TIME: Would Iran consider modifying its foreign policies, which are at the root of Western objections to Iran's nuclear program?

Larijani: We have to see what the problem is, in order to design a compatible foreign policy for that. Diplomacy does not grow in vacuum. We are not rigid in our policy. What is there to make us change our foreign policy?

TIME: What is your prediction about Iraq's future?

Larijani: The sooner they [U.S. troops] go, the better to solve the problems there. The problem in Iraq is that the presence of the U.S. forces has provided an excuse for terrorists to be there. The government of Iraq must be helped to have an army, a security system. As long as Americans are lingering around, those problems won't be solved.

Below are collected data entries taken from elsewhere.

Lemma modular_trphi_affine (b c : R) :
  (forall x, 0 <= x -> phi x = b * x + c) -> L \is hermsymmx -> psdmx L ->
  modular (fun A => trphi phi (principal_submx L A)).
Proof.
move=> phiE L_herm L_psd S T.
rewrite !(trphi_affine phiE (hermsymmx_principal_submx _ L_herm)
  (@psdmx_principal_submx _ _ L _ L_psd)).
rewrite !mxtrace_principal_submx !Re_sum.
have := modular_sum (fun x => complex.Re (L x x)) S T.
have : #|S|%:R + #|T|%:R = #|S :|: T|%:R + #|S :&: T|%:R :> R.
  by rewrite -!natrD cardsUI.
move=> card_modular sum_modular; nra.
Qed.

End LogModular.

Section PairTestMatrix.
Local Open Scope complex_scope.
Local Open Scope sesquilinear_scope.
Variable R : realType.
Local Notation C := R[i].
Variables (N : nat) (i0 i1 : 'I_N).

Lemma conjC_real (x : R) : (x%:C)^*%R = x%:C :> C.
Proof. exact: conjc_real. Qed.

Definition pair_testmx (t s : R) : 'M[C]_N :=
  let v := \col_i ((i == i0) || (i == i1))%:R in
  (t - s)%:C *: 1%:M + s%:C *: (v *m v ^t*).

Lemma pair_testmxE t s i j : i \in [set i0; i1]%SET -> j \in [set i0; i1]%SET ->
  pair_testmx t s i j = (if i == j then t else s)%:C.
Proof.
rewrite !inE => /orP i01 /orP j01.
rewrite /pair_testmx !mxE big_ord1 !mxE.
have -> : (i == i0) || (i == i1) by case: i01 => ->; rewrite ?orbT.
have -> : (j == i0) || (j == i1) by case: j01 => ->; rewrite ?orbT.
rewrite conjC1 !mulr1; case: (i == j); last by rewrite mulr0 add0r.
by rewrite mulr1 -rmorphD subrK.
Qed.

Lemma hermsymmx_pair_testmx t s : pair_testmx t s \is hermsymmx.
Proof.
apply/is_hermitianmxP; rewrite expr0 scale1r; apply/matrixP => i j.
rewrite !mxE !big_ord1 !mxE !conjC_nat [RHS]rmorphD !rmorphM /= !conjC_nat !conjC_real.
by rewrite eq_sym (mulrC ((j == i0) || _)%:R).
Qed.

Lemma psdmx_pair_testmx t s : 0 <= s -> s <= t -> psdmx (pair_testmx t s).
Proof.
move=> s0 st; apply: psdmxD; apply: psdmxZ; rewrite ?subr_ge0 //;
  last exact: psdmx_mulmx_trmxC.
have -> : 1%:M = 1%:M *m (1%:M : 'M[C]_N) ^t* by rewrite trmx1 map_mx1 mulmx1.
exact: psdmx_mulmx_trmxC.
Qed.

TIME: What is Iran's influence in Iraq?

Larijani: We are a regional power. But we are a noble regional force. Iraq is a Muslim neighboring country. We are natural allies. Stability, democracy and security in Iraq are definitely in our interest, too. When the Americans supported Saddam, all the present leaders were our guests, including Talabani, Barzani, Jafari, Hakim, and all those. The reason for our friendship now is that it goes back many years.

TIME: Are you satisfied we will see stability soon in Iraq?

Larijani: It depends on how the Americans act. If the Americans want to bring about that situation, it will happen. Of course, I'm optimistic about the future, because through their votes people are creating stability. In fact, it is in the interest of Americans to leave soon, because they are suffering losses.